Simple question if reserve 4  is "rated" 25 amp, why are you using a 15 amp fuse?
Have you modified the wiring in any way?  Please don't just fit a larger fuse unless you understand basic electrics.

If you have a handbook for fridge please check current draw, otherwise try and find handbook on net. (or check the label for detals) 
N.B. if the book/lable quotes power in watts just divide wattage by voltage to get amps (e.g 60watt / 12 volt = 5amp).


----------



## Deleted member 39993 (Feb 15, 2020)

Had the van from new and have had the problem for a few months, when we had the problem last year it took a while to identify the faulty fuse as we were on a site in Yorkshire, problem is I can't remember what fuse was in place and whether it was replaced with a 15amp because that was all we had (stupid I Know) ideally someone with a Burstner Nexxo with the same fuse box could check what fuse they have...anyone?? please.


----------



## Fisherman (Feb 15, 2020)

Apologies I miss understood your post.

My thetford fridge draws 10amps when mobile.
I would have thought 15 amp would be ok.
The fridge only draws full current when travelling, hence your problem.
When the fuse blows is it broken, or has it vaporised.?
If broken possibly a 20a fuse may prevent this.
But be careful if fitting a larger fuse.
If vaporised it would suggest a serious short circuit.
The short circuit could be due to a fault in your fridge,
Creating a short circuit. Hope this helps,


----------



## maingate (Feb 15, 2020)

The 12 volt fridge element could be suspect, causing a spike in voltage. Try checking the connections, you should get access by removing the lower grill.
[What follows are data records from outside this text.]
(* Suppose A1–A4 hold and let $\{x_k\}$ be generated by Algorithm 1. Let $\epsilon>0$ and let $T_0(\epsilon)$ be a nonnegative integer such that $\frac{1}{T}\sum_{k=0}^{T-1}\nu_k\le \frac{\kappa_c\epsilon^2}{2}$ for every integer $T\ge T_0(\epsilon)$ (such an integer exists by A4). If $T$ is a positive integer with $$T\ge\max\left\{T_0(\epsilon),\ \frac{2(f(x_0)-f_{low})}{\kappa_c\epsilon^2}\right\},$$ then $\min_{k=0,\dots,T-1}\|\nabla f(x_k)\|\le\epsilon$.
   Context: Let $(X,\langle\cdot,\cdot\rangle)$ be a real Hilbert space with induced norm $\|\cdot\|$, and $f:X\to\mathbb{R}$ Fréchet differentiable with gradient $\nabla f$. Algorithm 1 (general non-monotone descent algorithm): parameters $x_0\in X$, $\alpha_0>0$, $\beta,\rho\in(0,1)$. For $k=0,1,2,\dots$: choose $d_k\in X$ with $\langle\nabla f(x_k),d_k\rangle<0$; then for $l=0,1,2,\dots$ choose a number $\nu_{k,l}\ge 0$ and test $$f(x_k+\alpha_k\beta^l d_k)\le f(x_k)+\rho\alpha_k\beta^l\langle\nabla f(x_k),d_k\rangle+\nu_{k,l};$$ let $l_k$ be the first $l$ for which this holds, set $\nu_k:=\nu_{k,l_k}$, $x_{k+1}=x_k+\alpha_k\beta^{l_k}d_k$ and $\alpha_{k+1}=\alpha_k\beta^{l_k-1}$. It is assumed the algorithm generates infinite sequences (all $l_k$ finite). Assumptions: A1: $\nabla f$ is Lipschitz continuous with constant $L>0$. A2: there is $f_{low}\in\mathbb{R}$ with $f(x)\ge f_{low}$ for all $x\in X$. A3: there are constants $c_1,c_2>0$ with $\langle\nabla f(x_k),d_k\rangle\le -c_1\|\nabla f(x_k)\|^2$ and $\|d_k\|\le c_2\|\nabla f(x_k)\|$ for all $k$. A4: $\lim_{T\to\infty}\frac1T\sum_{k=0}^{T-1}\nu_k=0$. Constant: $\kappa_c=\min\left\{\rho\beta\alpha_0c_1,\ \frac{2\beta\rho(1-\rho)c_1^2}{Lc_2^2}\right\}$. *)

From Stdlib Require Import Reals Lra.
Open Scope R_scope.

Record Hilbert := {
  carrier :> Type;
  vzero : carrier;
  vadd : carrier -> carrier -> carrier;
  vopp : carrier -> carrier;
  vscal : R -> carrier -> carrier;
  inner : carrier -> carrier -> R;
  vadd_assoc : forall u v w, vadd u (vadd v w) = vadd (vadd u v) w;
  vadd_comm : forall u v, vadd u v = vadd v u;
  vadd_0 : forall u, vadd u vzero = u;
  vadd_opp : forall u, vadd u (vopp u) = vzero;
  vscal_assoc : forall a b u, vscal a (vscal b u) = vscal (a * b) u;
  vscal_1 : forall u, vscal 1 u = u;
  vscal_distr_v : forall a u v, vscal a (vadd u v) = vadd (vscal a u) (vscal a v);
  vscal_distr_s : forall a b u, vscal (a + b) u = vadd (vscal a u) (vscal b u);
  inner_sym : forall u v, inner u v = inner v u;
  inner_add_l : forall u v w, inner (vadd u v) w = inner u w + inner v w;
  inner_scal_l : forall a u v, inner (vscal a u) v = a * inner u v;
  inner_pos : forall u, 0 <= inner u u;
  inner_def : forall u, inner u u = 0 -> u = vzero;
  complete : forall s : nat -> carrier,
    (forall e, e > 0 -> exists N, forall n m, (n >= N)%nat -> (m >= N)%nat ->
        sqrt (inner (vadd (s n) (vopp (s m))) (vadd (s n) (vopp (s m)))) < e) ->
    exists l, forall e, e > 0 -> exists N, forall n, (n >= N)%nat ->
        sqrt (inner (vadd (s n) (vopp l)) (vadd (s n) (vopp l))) < e
}.

Arguments vzero {h}. Arguments vadd {h}. Arguments vopp {h}.
Arguments vscal {h}. Arguments inner {h}.

Definition vnorm {X : Hilbert} (u : X) : R := sqrt (inner u u).
Definition vsub {X : Hilbert} (u v : X) : X := vadd u (vopp v).

Definition frechet_gradient {X : Hilbert} (f : X -> R) (g : X -> X) : Prop :=
  forall x : X, forall e, e > 0 -> exists delta, delta > 0 /\
    forall h : X, 0 < vnorm h < delta ->
      Rabs (f (vadd x h) - f x - inner (g x) h) <= e * vnorm h.

Fixpoint psum (a : nat -> R) (T : nat) : R :=
  match T with O => 0 | S n => psum a n + a n end.

Fixpoint minupto (a : nat -> R) (n : nat) : R :=
  match n with O => a O | S m => Rmin (minupto a m) (a (S m)) end.

Definition algorithm1 {X : Hilbert} (f : X -> R) (g : X -> X)
  (x0 : X) (alpha0 beta rho : R)
  (x : nat -> X) (alpha : nat -> R) (d : nat -> X) (l : nat -> nat)
  (nu : nat -> nat -> R) : Prop :=
  0 < alpha0 /\ 0 < beta < 1 /\ 0 < rho < 1 /\
  x O = x0 /\ alpha O = alpha0 /\
  (forall k, inner (g (x k)) (d k) < 0) /\
  (forall k j, 0 <= nu k j) /\
  (forall k,
     f (vadd (x k) (vscal (alpha k * beta ^ l k) (d k)))
       <= f (x k) + rho * (alpha k * beta ^ l k) * inner (g (x k)) (d k) + nu k (l k)) /\
  (forall k j, (j < l k)%nat ->
     ~ (f (vadd (x k) (vscal (alpha k * beta ^ j) (d k)))
       <= f (x k) + rho * (alpha k * beta ^ j) * inner (g (x k)) (d k) + nu k j)) /\
  (forall k, x (S k) = vadd (x k) (vscal (alpha k * beta ^ l k) (d k))) /\
  (forall k, alpha (S k) = alpha k * powerRZ beta (Z.of_nat (l k) - 1)).

Definition kappa_c (alpha0 beta rho c1 c2 L : R) : R :=
  Rmin (rho * beta * alpha0 * c1) (2 * beta * rho * (1 - rho) * c1 ^ 2 / (L * c2 ^ 2)).

(* Along the line from x_k, the L-smoothness of f gives the descent lemma
   f(x + h) <= f(x) + <grad f(x), h> + L/2 |h|^2.  Hence a trial step that the
   line search rejects must exceed 2(1-rho)c1/(L c2^2); since the next initial
   step is the accepted one divided by beta, all steps alpha_k stay above
   min(alpha0, 2(1-rho)c1/(L c2^2)), and every iteration decreases f by at least
   kappa_c |grad f(x_k)|^2 - nu_k.  Summing over k < T and bounding f below by
   f_low shows that |grad f(x_k)| > eps for all k < T would force
   T kappa_c eps^2 < 2 (f(x_0) - f_low). *)
From Stdlib Require Import Reals Lra Lia.
Open Scope R_scope.

Section Hilbert_facts.

Context {X : Hilbert}.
Alternatively, if you have a manual selector knob on your fridge, set it to gas when you are travelling and see if the fuse still blows.

Somewhere at home I have the full schematic wiring diagram, I will see if I can find it to check what 'reserve 4 ' is for.


----------



## Deleted member 39993 (Feb 15, 2020)

Thanks for all replys, much appreciated....the fuse when blown has a black mark around the break wouldn't say it was 'vaporised'...I think it needs a bigger fuse but a bit wary as don't want to fry the wiring...just need some one with Burstner Nexxo with same Elektroblock (EBL99) and see what fuse is in reserve 4 to put my mind at rest...cheers all


----------



## Fisherman (Feb 15, 2020)

Warwickwelsh said:


> Thanks for all replys, much appreciated....the fuse when blown has a black mark around the break wouldn't say it was 'vaporised'...I think it needs a bigger fuse but a bit wary as don't want to fry the wiring...just need some one with Burstner Nexxo with same Elektroblock (EBL99) and see what fuse is in reserve 4 to put my mind at rest...cheers all



That’s your fuse box, 



			http://ourbumble.com/wp-content/uploads/2016/01/Electrobloc-EBL99K.pdf
		


what model of fridge do you have


----------



## Deleted member 39993 (Feb 15, 2020)

yes thats the fuse box, the fridge is a Dometic..


----------



## 2cv (Feb 15, 2020)

Warwickwelsh said:


> yes thats the fuse box, the fridge is a Dometic..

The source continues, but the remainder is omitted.